Beltane         Waxing Dyan Moon

Savannah Amtrak Station, waiting on the Silver Meteor which the stationmaster said will be 20 minutes late.

After leaving the rental car to the tender mercies of the Alamo cleaners, I took a taxi from the airport to the Amtrak station. In the process I rode on early 20th century technology to get to 19th century technology, displaced by the mid 20th century phenomenon of the commercial jet.

When I first arrived at 6:00 p.m., I had the station all to myself. The stationmaster asked how far I wanted to check “this big boy.” All the way to Minneapolis.

He gave me a new ticket folder because the trip down had crumpled the old one.

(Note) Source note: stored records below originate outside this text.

(* Let $\alpha\ge1$ and $\phi\in[0,2\pi_\alpha)\setminus\{\pi_\alpha/2,3\pi_\alpha/2\}$. The only solution $\zeta$ with $|\zeta|<\pi_\alpha$ of the equation $$\tan_\alpha(\zeta+\phi)-\tan_\alpha(\phi)=\zeta$$ is $\zeta=0$.
   Context: For real $a\ge1$: $\pi_a=2\int_0^1(1-t^{2a})^{-1/2}dt$; $\sin_a$ is the inverse of $s\mapsto\int_0^s(1-t^{2a})^{-1/2}dt$ on $[0,\pi_a/2]$, extended by $\sin_a(s)=\sin_a(\pi_a-s)$ to $[0,\pi_a]$, to an odd function on $[-\pi_a,\pi_a]$ and $2\pi_a$-periodically to $\mathbb{R}$; $\cos_a=\sin_a'$ and $\tan_a=\sin_a/\cos_a$ (defined where $\cos_a\neq0$). *)

From Stdlib Require Import Reals Lra ClassicalEpsilon.
From Coquelicot Require Import Coquelicot.
Open Scope R_scope.

(* t ^ y for t >= 0 (with 0 ^ y = 0 for y > 0) *)
Definition rpow (t y : R) : R := if Rle_dec t 0 then 0 else Rpower t y.

Definition gtrig_f (a t : R) : R := / sqrt (1 - rpow t (2 * a)).

(* F_a(s) = int_0^s (1 - t^(2a))^(-1/2) dt for s in [0,1];
   the integral up to s = 1 is improper (limit s -> 1^-). *)
Definition gtrig_F (a s : R) : R :=
  if Rlt_dec s 1 then RInt (gtrig_f a) 0 s
  else RInt_gen (gtrig_f a) (at_point 0) (at_left 1).

Definition pi_a (a : R) : R := 2 * gtrig_F a 1.

(* sin_a on [0, pi_a/2]: the inverse of F_a : [0,1] -> [0, pi_a/2] *)
Definition sin_a0 (a x : R) : R :=
  epsilon (inhabits 0) (fun s => 0 <= s <= 1 /\ gtrig_F a s = x).
Lemma fatE (P : rel 'I_l) (i j : 'I_l) (a b : 'I_N) :
  a \in blockQ N beta i -> b \in blockQ N beta j -> fat N beta P a b = P i j.
Proof.
move=> ai bj; apply/existsP/idP => [[i' /existsP[j' /and3P[ai' bj' Pij']]]|Pij].
  by rewrite (blockQ_uniq ai ai') (blockQ_uniq bj bj').
by exists i; apply/existsP; exists j; rewrite ai bj Pij.
Qed.

Arguments fatE P {i j a b}.

Lemma blockQ_neq (i j : 'I_l) (a b : 'I_N) :
  a \in blockQ N beta i -> b \in blockQ N beta j -> (i < j)%N -> a != b.
Proof.
move=> ai bj lt_ij; apply: contraTneq lt_ij => eq_ab.
by rewrite eq_ab in ai; rewrite (blockQ_uniq ai bj) ltnn.
Qed.

Hypothesis beta_composition : is_composition N beta.

Lemma blockQ_cover (a : 'I_N) : exists i : 'I_l, a \in blockQ N beta i.
Proof.
have [_ sum_beta] := beta_composition.
suff: forall m, (m <= l)%N -> (a < block_start m)%N ->
    exists i : 'I_l, a \in blockQ N beta i.
  by move=> /(_ l (leqnn l)); apply; rewrite block_start_total sum_beta.
elim=> [|m IHm] lt_ml; first by rewrite /block_start big_pred0.
case: (ltnP a (block_start m)) => [lt_a_m _|le_a_m lt_a_m].
  exact: IHm (ltnW lt_ml) lt_a_m.
by exists (Ordinal lt_ml); rewrite mem_blockQ le_a_m.
Qed.

Lemma blockQ_neq0 (i : 'I_l) : exists a : 'I_N, a \in blockQ N beta i.
Proof.
have [beta_gt0 sum_beta] := beta_composition.
have lt_start : (block_start i < block_start i.+1)%N.
  by rewrite block_startS -addn1 leq_add2l beta_gt0.
have le_end : (block_start i.+1 <= N)%N.
  by rewrite -sum_beta -block_start_total block_start_mono.
by exists (Ordinal (leq_trans lt_start le_end)); rewrite mem_blockQ /= leqnn.
Qed.

Lemma fat_refl (R : rel 'I_l) : reflexive R -> reflexive (fat N beta R).
Proof. by move=> R_refl a; have [i ai] := blockQ_cover a; rewrite (fatE _ ai ai). Qed.

Lemma fat_comp (R1 R2 R3 : rel 'I_l) :
    (forall i j k, R1 i j -> R2 j k -> R3 i k) ->
  forall a b c, fat N beta R1 a b -> fat N beta R2 b c -> fat N beta R3 a c.
Proof.
move=> R123 a b c; have [i ai] := blockQ_cover a; have [j bj] := blockQ_cover b.
have [k ck] := blockQ_cover c; rewrite (fatE _ ai bj) (fatE _ bj ck) (fatE _ ai ck).
exact: R123.
Qed.

Lemma fat_subposet (R P : rel 'I_l) :
  is_subposet R P -> is_subposet (fat N beta R) (fat N beta P).
Proof.
case=> P_irr P_trans P_sub; split.
- by move=> a; have [i ai] := blockQ_cover a; rewrite (fatE _ ai ai) P_irr.
- by move=> b a c; apply: fat_comp => i j k; apply: P_trans.
- move=> a b; have [i ai] := blockQ_cover a; have [j bj] := blockQ_cover b.
  by rewrite (fatE _ ai bj) (fatE _ ai bj); apply: P_sub.
Qed.

Lemma fat_normal (R P : rel 'I_l) :
  normal_subposet R P <-> normal_subposet (fat N beta R) (fat N beta P).
Proof.
split=> normP.
- move=> a b c d; have [i ai] := blockQ_cover a; have [j bj] := blockQ_cover b.
  have [k ck] := blockQ_cover c; have [m dm] := blockQ_cover d.
  rewrite (fatE _ bj ck) (fatE _ ai bj) (fatE _ ai ck) (fatE _ ck dm) (fatE _ bj dm).
  exact: normP.
- move=> i j k m; have [a ai] := blockQ_neq0 i; have [b bj] := blockQ_neq0 j.
  have [c ck] := blockQ_neq0 k; have [d dm] := blockQ_neq0 m.
  have := normP a b c d.
  by rewrite (fatE _ bj ck) (fatE _ ai bj) (fatE _ ai ck) (fatE _ ck dm) (fatE _ bj dm).
Qed.

End Blocks.

Arguments blockQ_uniq {l N beta i j a}.
Arguments blockQ_neq {l N beta i j a b}.
Arguments blockQ_neq0 {l N beta}.
Arguments fat_subposet {l N beta} _ {R P}.
Arguments fat_normal {l N beta} _ R P.
Arguments fatE {l N beta} P {i j a b}.

Local Open Scope ring_scope.

Section Support.
Variables (R : pzSemiRingType) (n : nat).

Definition supported (e : rel 'I_n) (A : 'M[R]_n) : bool :=
  [forall a, forall b, (A a b != 0) ==> e a b].

Lemma supportedP (e : rel 'I_n) (A : 'M[R]_n) :
  reflect (forall a b, A a b != 0 -> e a b) (supported e A).
Proof.
apply: (iffP forallP) => [eA a b|eA a]; first by move/forallP: (eA a) => /(_ b)/implyP.
by apply/forallP => b; apply/implyP; apply: eA.
Qed.

Lemma supported_mulmx (e1 e2 e3 : rel 'I_n) (A B : 'M[R]_n) :
    (forall a b c, e1 a b -> e2 b c -> e3 a c) ->
  supported e1 A -> supported e2 B -> supported e3 (A *m B).
Proof.
move=> e123 /supportedP e1A /supportedP e2B; apply/supportedP => a c.
rewrite mxE; apply: contraR => not_e3ac; rewrite big1 // => b _.
have [Aab0|/e1A e1ab] := eqVneq (A a b) 0; first by rewrite Aab0 mul0r.
have [Bbc0|/e2B e2bc] := eqVneq (B b c) 0; first by rewrite Bbc0 mulr0.
by case/negP: not_e3ac; apply: e123 e1ab e2bc.
Qed.
Lemma mexp_moment k (u : 'rV[R]_k) (M : 'M[R]_k) (v : 'cV[R]_k) t :
  (u *m mexp M t *m v) 0 0 =
  limn (series (fun m => exp_coeff t m * mx_moment u M v m)).
Proof.
set e := fun i j => series (fun m => exp_coeff t m * (M ^+ m) i j).
have entry_cvg i j : e i j @ \oo --> mexp M t i j.
  rewrite /mexp mxE.
  have -> : (fun N => (\sum_(m < N) (t ^+ m / (m`!)%:R *: M ^+ m)) i j) = e i j.
    apply/funext => N; rewrite summxE /e /series /= big_mkord.
    by apply: eq_bigr => m _; rewrite mxE.
  apply: (@normed_cvg _ R^o).
  apply: (@exp_weighted_abs_cvg _ 1 _ _ (mx_abs_sum_ge0 M)) => m.
  by rewrite mul1r mxpow_entry_bound.
have -> : series (fun m => exp_coeff t m * mx_moment u M v m) =
    (fun N => \sum_j \sum_i u 0 i * e i j N * v j 0).
  apply/funext => N; rewrite /e /series /mx_moment /=.
  under eq_bigr do rewrite mxE big_distrr /=.
  rewrite exchange_big /=; apply: eq_bigr => j _.
  under eq_bigr do rewrite mxE big_distrl /= big_distrr /=.
  rewrite exchange_big /=; apply: eq_bigr => i _.
  by rewrite big_distrr /= big_distrl /=; apply: eq_bigr => m _; ring.
apply/esym/cvg_lim => //; rewrite mxE.
apply: cvg_big => [|j _]; first exact: add_continuous.
rewrite mxE big_distrl /=.
apply: cvg_big => [|i _]; first exact: add_continuous.
by apply: cvgMr_tmp; apply: cvgMl_tmp; exact: entry_cvg.
Qed.

Lemma mexp_moment_scale k l (u : 'rV[R]_k) (M : 'M[R]_k) (v : 'cV[R]_k)
    (u' : 'rV[R]_l) (M' : 'M[R]_l) (v' : 'cV[R]_l) (g t : R) :
  (forall m, mx_moment u M v m = g * mx_moment u' M' v' m) ->
  (u *m mexp M t *m v) 0 0 = g * (u' *m mexp M' t *m v') 0 0.
Proof.
move=> moment_eq; rewrite !mexp_moment; apply/cvg_lim => //.
have -> : series (fun m => exp_coeff t m * mx_moment u M v m) =
    (fun N => g * series (fun m => exp_coeff t m * mx_moment u' M' v' m) N).
  apply/funext => N; rewrite /series /= big_distrr /=.
  by apply: eq_bigr => m _; rewrite moment_eq mulrCA.
by apply: cvgMl_tmp; exact: exp_moment_cvg.
Qed.

(* Binomial expansion of (M + c)^N, rearranged as the Cauchy product of
   the exponential series of c t with the moment series of M. *)
Lemma exp_moment_shift k (u : 'rV[R]_k) (M : 'M[R]_k) (v : 'cV[R]_k) c t N :
  exp_coeff t N * mx_moment u (M + c%:M) v N =
  cauchy_conv (exp_coeff (c * t)) (fun m => exp_coeff t m * mx_moment u M v m) N.
Proof.
rewrite /mx_moment exprDn_comm; last exact: scalar_mxC.
rewrite /cauchy_conv big_mkord mulmx_sumr mulmx_suml summxE big_distrr /=.
apply: eq_bigr => i _.
rewrite scalar_mxX -mulmxE mul_mx_scalar -[_ *+ 'C(N, i)]scaler_nat.
rewrite -!scalemxAr -!scalemxAl !mxE.
have iN : (i <= N)%N by rewrite -ltnS ltn_ord.
rewrite /exp_coeff /= -(bin_fact iN) !natrM.
have -> : t ^+ N = t ^+ i * t ^+ (N - i) by rewrite -exprD subnKC.
have fact_neq0 j : (j`!)%:R != 0 :> R by rewrite pnatr_eq0 -lt0n fact_gt0.
have bin_neq0 : ('C(N, i))%:R != 0 :> R by rewrite pnatr_eq0 -lt0n bin_gt0.
by rewrite exprMn; field; rewrite !fact_neq0 bin_neq0.
Qed.

Lemma mexp_shift k (u : 'rV[R]_k) (M : 'M[R]_k) (v : 'cV[R]_k) c t :
  (u *m mexp (M + c%:M) t *m v) 0 0 = expR (c * t) * (u *m mexp M t *m v) 0 0.
Proof.
have exp_abs_cvg : cvgn (series (fun m => `|exp_coeff (c * t) m|)).
  by have := is_cvg_series_exp_coeff `|c * t|; rewrite -normed_series_exp_coeff.
rewrite !mexp_moment.
under eq_fun do rewrite exp_moment_shift.
apply: cvg_lim => //; rewrite /expR.
exact: cauchy_product exp_abs_cvg (exp_moment_abs_cvg (u := u) (M := M) (v := v) (t := t)).
Qed.

End MatrixExponential.

Lemma max_pos_sub_neg (R : realDomainType) (a : R) :
  Num.max a 0 - Num.max (- a) 0 = a.
Proof. by case: (lerP 0 a) => h; case: (lerP 0 (- a)) => h'; lra. Qed.

Lemma max_pos_add_neg (R : realDomainType) (a : R) :
  Num.max a 0 + Num.max (- a) 0 = `|a|.
Proof.
case: (lerP 0 a) => h; [rewrite ger0_norm | rewrite ltr0_norm] => //;
  by case: (lerP 0 (- a)) => h'; lra.
Qed.

Lemma sum_row_sub_scalar (T : pzRingType) k (M : 'M[T]_k) (c : T) i :
  \sum_j (M - c%:M) i j = \sum_j M i j - c.
Proof.
rewrite -[c in RHS](_ : \sum_j (c%:M : 'M[T]_k) i j = c).
  by rewrite -sumrB; apply: eq_bigr => j _; rewrite !mxE.
rewrite (bigD1 i) //= big1 ?addr0 => [|j ji]; first by rewrite mxE eqxx mulr1n.
by rewrite mxE eq_sym (negbTE ji) mulr0n.
Qed.

Section Construction.
Variable n : nat.
Local Notation N := n.+1.
Local Notation N2 := (n.+1).*2.

Lemma sum_pairs_nat (V : nmodType) (g : nat -> V) K :
  \sum_(0 <= p < K.*2) g p = \sum_(0 <= i < K) (g i.*2 + g i.*2.+1).
Proof.
elim: K => [|K IH]; first by rewrite !big_geq.
by rewrite doubleS !big_nat_recr //= IH addrA.
Qed.

Lemma sum_pairs (V : nmodType) (f : 'I_N2 -> V) :
  \sum_p f p = \sum_(i < N) (f (inord i.*2) + f (inord i.*2.+1)).
Proof.
have sum_inord m (h : 'I_m.+1 -> V) :
    \sum_(p < m.+1) h p = \sum_(0 <= p < m.+1) h (inord p).
  by rewrite big_mkord; apply: eq_bigr => p _; rewrite inord_val.
rewrite (sum_inord n.*2.+1 f) -[(n.*2.+1).+1]/((n.+1).*2) sum_pairs_nat.
by rewrite sum_inord; apply: eq_big_nat => i /andP[_ iN]; rewrite inordK.
Qed.

Lemma val_inord_even (i : 'I_N) : ((inord i.*2 : 'I_N2) : nat) = i.*2.
Proof. by rewrite inordK // -doubleS ltn_double. Qed.

Lemma val_inord_odd (i : 'I_N) : ((inord i.*2.+1 : 'I_N2) : nat) = i.*2.+1.
Proof. by rewrite inordK // -[X in (_ < X)%N]/((n.+1).*2) ltn_Sdouble. Qed.

Lemma half_double_odd k : (k.*2.+1)./2 = k.
Proof. by rewrite -[k.*2.+1]/((true + k.*2)%N) half_bit_double. Qed.

(* The folding matrix D, sending the pair (x_{2i}, x_{2i+1}) to
   x_{2i} - x_{2i+1}: it undoes the positive/negative splitting phi_1. *)
Definition fold_mx : 'M[rat]_(N, N2) :=
  \matrix_(i, p) (if (p : nat)./2 == (i : nat) then (if odd p then -1 else 1) else 0).

Lemma fold_mx_sum (f : 'I_N2 -> rat) (i : 'I_N) :
  \sum_p fold_mx i p * f p = f (inord i.*2) - f (inord i.*2.+1).
Proof.
have fold_even (j : 'I_N) : fold_mx i (inord j.*2) = (j == i)%:R.
  rewrite mxE val_inord_even doubleK odd_double /=.
  by case: ifP => h; rewrite -[j == i]/(val j == val i) h.
have fold_odd (j : 'I_N) : fold_mx i (inord j.*2.+1) = - (j == i)%:R.
  rewrite mxE val_inord_odd half_double_odd /= odd_double /=.
  by case: ifP => h; rewrite -[j == i]/(val j == val i) h ?oppr0.
rewrite sum_pairs; under eq_bigr do rewrite fold_even fold_odd.
rewrite (bigD1 i) //= big1 ?addr0; last first.
  by move=> j /negbTE ->; rewrite mul0r oppr0 mul0r addr0.
by rewrite eqxx mul1r mulN1r.
Qed.

Lemma sum_fold_mx (A : 'M[rat]_N) (i : 'I_N) (q : 'I_N2) :
  \sum_j A i j * fold_mx j q = A i (inord (q : nat)./2) * (if odd q then -1 else 1).
Proof.
rewrite (bigD1 (inord (q : nat)./2)) //= big1 ?addr0.
  by rewrite mxE inordK ?ltn_half_double // eqxx.
move=> j hj; rewrite mxE; case: eqP => [E|]; last by rewrite mulr0.
by move: hj; rewrite E inord_val eqxx.
Qed.

Lemma fold_phi1 (A : 'M[rat]_N) : fold_mx *m phi1 A = A *m fold_mx.
Proof.
apply/matrixP => i q; rewrite !mxE fold_mx_sum sum_fold_mx !mxE.
rewrite val_inord_even val_inord_odd doubleK half_double_odd odd_double /= odd_double /=.
rewrite inord_val; have := max_pos_sub_neg (A i (inord (q : nat)./2)).
by case: (odd q) => /= h; lra.
Qed.

Lemma fold_phi2 (X0 : 'cV[rat]_N) : fold_mx *m Y2 X0 = X0.
Proof.
apply/matrixP => i z; rewrite mxE fold_mx_sum !mxE val_inord_even val_inord_odd.
by rewrite doubleK odd_double /= odd_double /= subr0 inord_val [z]ord1.
Qed.

(* beta has equal entries on each block, so folding kills it. *)
Lemma fold_betav (A : 'M[rat]_N) (X0 : 'cV[rat]_N) : fold_mx *m betav A X0 = 0.
Proof.
apply/matrixP => i z; rewrite mxE fold_mx_sum !mxE val_inord_even val_inord_odd.
by rewrite doubleK half_double_odd subrr.
Qed.

Lemma fold_P2 (A : 'M[rat]_N) : fold_mx *m P2 A = (A - (lam A)%:M) *m fold_mx.
Proof.
by rewrite /P2 mulmxBr fold_phi1 mulmxBl mul_mx_scalar mul_scalar_mx.
Qed.

Lemma fold_P2X (A : 'M[rat]_N) m :
  fold_mx *m P2 A ^+ m = (A - (lam A)%:M) ^+ m *m fold_mx.
Proof.
elim: m => [|m IH]; first by rewrite !expr0 mulmx1 mul1mx.
by rewrite !mxpowSr mulmxA IH -mulmxA fold_P2 mulmxA.
Qed.

Lemma fold_wv (A : 'M[rat]_N) (X0 : 'cV[rat]_N) :
  fold_mx *m wv A X0 = (A - (lam A)%:M) *m X0.
Proof.
by rewrite /wv mulmxDr mulmxA fold_P2 -mulmxA fold_phi2 fold_betav addr0.
Qed.

(* P acts on the last coordinate by injecting w / gamma, then runs P2. *)
Lemma Pmat_pow_Y0 (A : 'M[rat]_N) (X0 : 'cV[rat]_N) m :
  Pmat A X0 ^+ m.+1 *m Y0vec n =
  col_mx (P2 A ^+ m *m ((gam A X0)^-1 *: wv A X0)) 0.
Proof.
elim: m => [|m IH].
  rewrite expr1 expr0 mul1mx /Pmat /Y0vec mul_block_col.
  by rewrite !mulmx0 mulmx1 mul0mx !add0r.
rewrite mxpowS -mulmxA IH /Pmat mul_block_col !mulmx0 !addr0 mul0mx.
by rewrite mulmxA -mxpowS.
Qed.

Lemma Cvec_mul (x : 'cV[rat]_N) : (Cvec n *m x) 0 0 = x ord0 0.
Proof.
rewrite mxE (bigD1 ord0) //= big1 ?addr0; first by rewrite mxE eqxx mul1r.
by move=> j hj; rewrite mxE (negbTE hj) mul0r.
Qed.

The first additional travelers to arrive were a short, squat man with brill cream slicked back hair, an Asian boy in sandals whom he treated as a son and two short pinch fenced red heads headed back to some school or the other. They were family and had, apparently long ago, mastered the art of conversations in which each of them talked at the same time. It was a peculiar experience. Like watching unfamiliar animals in their habitat.

Now there are many people in the station, that movement of people in and out of public places that finds them alternately empty and crowded, as tides of passengers or audiences or students come and go. The change is from dead to alive, a space with no buzz to a space filled with the agendas of strangers mixed together for a brief period.

It may be the relative novelty of train travel, but all this seems more human, certainly less desparate than the airport, even the small one I left earlier today.

Now there are two Amtrak employees here.

Every one stays in their small spaces, talking to those whom they know. One thing travelers do is find small spaces they can claim as their own. This space, no matter if its only a plastic seat in a crowded room, provides a refuge from the chaos of others and their unknown purposes. This is one of the chief advantages of train travel, it allows a space with real boundaries, a place you can fall asleep while traveling.

Yes, it takes longer, but the process has a definite scale to it that seems to match me. Rather than flung in the air by great jet engines, we will glide over the rails, pulled forward by hulking engines with humans at the controls, in fact riding on the engine itself.